It must have been 1992 when I met Celeste. A mutual friend, Carmela Ross, high in years to be undertaking such a thing, was launching a new theater company. The party, on New York’s East Side in the neighborhood of the UN, was chatty, congenial, attended by prospects well enough heeled to possibly invest in the company.

I knew no one but Carmela and was lingering by the canapés table when a voice near the front door announced loudly “I have the flu!” As if plague had been declared, the whole body of guests vacated that end of the room. It was Celeste, making a theatrical but truthful entrance. She sat demurely alone. I went to sit by her, declaring, “Well, I’ve just had a flu shot.”

This was at the time when I had a radio theater production company, Jefferson Radio Theater, lodged at Public Radio Station WJFF-FM.  Like any producer, I ransacked my mind for what “property” I might have that could be of interest to this classic star of stage and screen who was quietly sniffling beside me.

Elegantly white haired, with an oval face as perfect as a Noh mask but with an impish sparkle, Celeste even in her depleted state was impressive. And I had a role for her – though there was no way in the world my little company could afford her. But, luckily, that thought never crossed my mind.

I had a little twenty-minute playlet called “Martha Speaks Up” a monologue of Martha Washington entertaining the officers’ wives at Valley Forge with the story of how she and George met and wooed. Martha, it struck me, was a perfect role for Celeste. And when I spoke of it, she seemed to think so too.

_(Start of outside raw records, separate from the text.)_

(* Let $f$ be a librational traveling wave of the sine-Gordon equation. Then $0=\mu_1^{(0)}>\mu_2^{(0)}$.
   Context: A traveling wave of speed $c$ ($c^2\neq1$) of $u_{tt}-u_{xx}+\sin u=0$ is a real solution $f$ of $(c^2-1)f''+\sin f=0$, with energy $E$ given by $\tfrac12(c^2-1)(f')^2+1-\cos f=E$; it is librational if $0<E<2$, in which case $f$ is periodic with fundamental period $T$ (smallest $T>0$ with $f(z+T)=f(z)\pmod{2\pi}$). Let $\gamma=1/(c^2-1)$ and consider Hill's operator $L=\frac{d^2}{dz^2}+\gamma\cos(f(z))$. The periodic eigenvalues of $L$ are the $\mu\in\mathbb{R}$ for which $Lq=\mu q$ has a nontrivial solution with $q(z+T)=q(z)$; they form a sequence $\mu_0^{(0)}>\mu_1^{(0)}\ge\mu_2^{(0)}>\mu_3^{(0)}\ge\cdots\to-\infty$ (listed with multiplicity, in decreasing order). *)

From Stdlib Require Import Reals Lra List ClassicalEpsilon.
From Coquelicot Require Import Coquelicot.
Open Scope R_scope.

Definition traveling_wave (c : R) (f : R -> R) : Prop :=
  (forall z, ex_derive f z /\ ex_derive (Derive f) z) /\
  (forall z, (c ^ 2 - 1) * Derive (Derive f) z + sin (f z) = 0).

Definition has_energy (c : R) (f : R -> R) (E : R) : Prop :=
  forall z, / 2 * (c ^ 2 - 1) * (Derive f z) ^ 2 + 1 - cos (f z) = E.

Definition period_mod_2pi (f : R -> R) (T : R) : Prop :=
  forall z, exists k : Z, f (z + T) = f z + 2 * IZR k * PI.

Definition fundamental_period (f : R -> R) (T : R) : Prop :=
  0 < T /\ period_mod_2pi f T /\
  (forall T', 0 < T' < T -> ~ period_mod_2pi f T').

Definition periodic_solution (gamma : R) (f : R -> R) (T mu : R) (q : R -> R) : Prop :=
  (forall z, ex_derive q z /\ ex_derive (Derive q) z) /\
  (forall z, Derive (Derive q) z + gamma * cos (f z) * q z = mu * q z) /\
  (forall z, q (z + T) = q z).

Definition periodic_eigenvalue (gamma : R) (f : R -> R) (T mu : R) : Prop :=
  exists q, periodic_solution gamma f T mu q /\ exists z, q z <> 0.

Definition periodic_eigenspace_dim_ge2 (gamma : R) (f : R -> R) (T mu : R) : Prop :=
  exists q1 q2, periodic_solution gamma f T mu q1 /\ periodic_solution gamma f T mu q2 /\
    (forall a b, (forall z, a * q1 z + b * q2 z = 0) -> a = 0 /\ b = 0).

A few days later I delivered the play to Celeste’s Central Park West duplex, a dwelling that combined Hollywood grandeur with feminine, upper class East Coast flowery prettiness. There was of course the piano, where no doubt an array of “greats” had gathered and sung old Broadway favorites of their own creation. And there were portraits of Celeste, done by her artist mother who clearly was smitten by the beauty she had brought into the world. My favorite of the portraits showed only Celeste’s hands with a red ribbon or tassel.

A few days later Celeste called me. She loved “Martha Speaks Up,” but, rather than do it as a radio play – could I enlarge it to a television series for her? There was a producer at PBS who was looking for a “vehicle” for her and this might be perfect.

I had written “Martha” after reading James Thomas Flexner’s four-volume biography of George Washington. The thought of doing a thirteen-hour script on the First Couple was exhilarating, inspiring. Yes, of course I would do it!

Fortunately, I had a good friend in Virginia who was happy to have me come and stay for multiple extended visits. Jean Ryland Walker was a Walker of Walkerton and her family had been in place since the 1600’s.  She knew everyone, was related to nearly everyone, could provide insights into Tidewater culture and access to private homes that were old when Martha was a child. It took me three years to write “The Washingtons” but I had a grand time doing it.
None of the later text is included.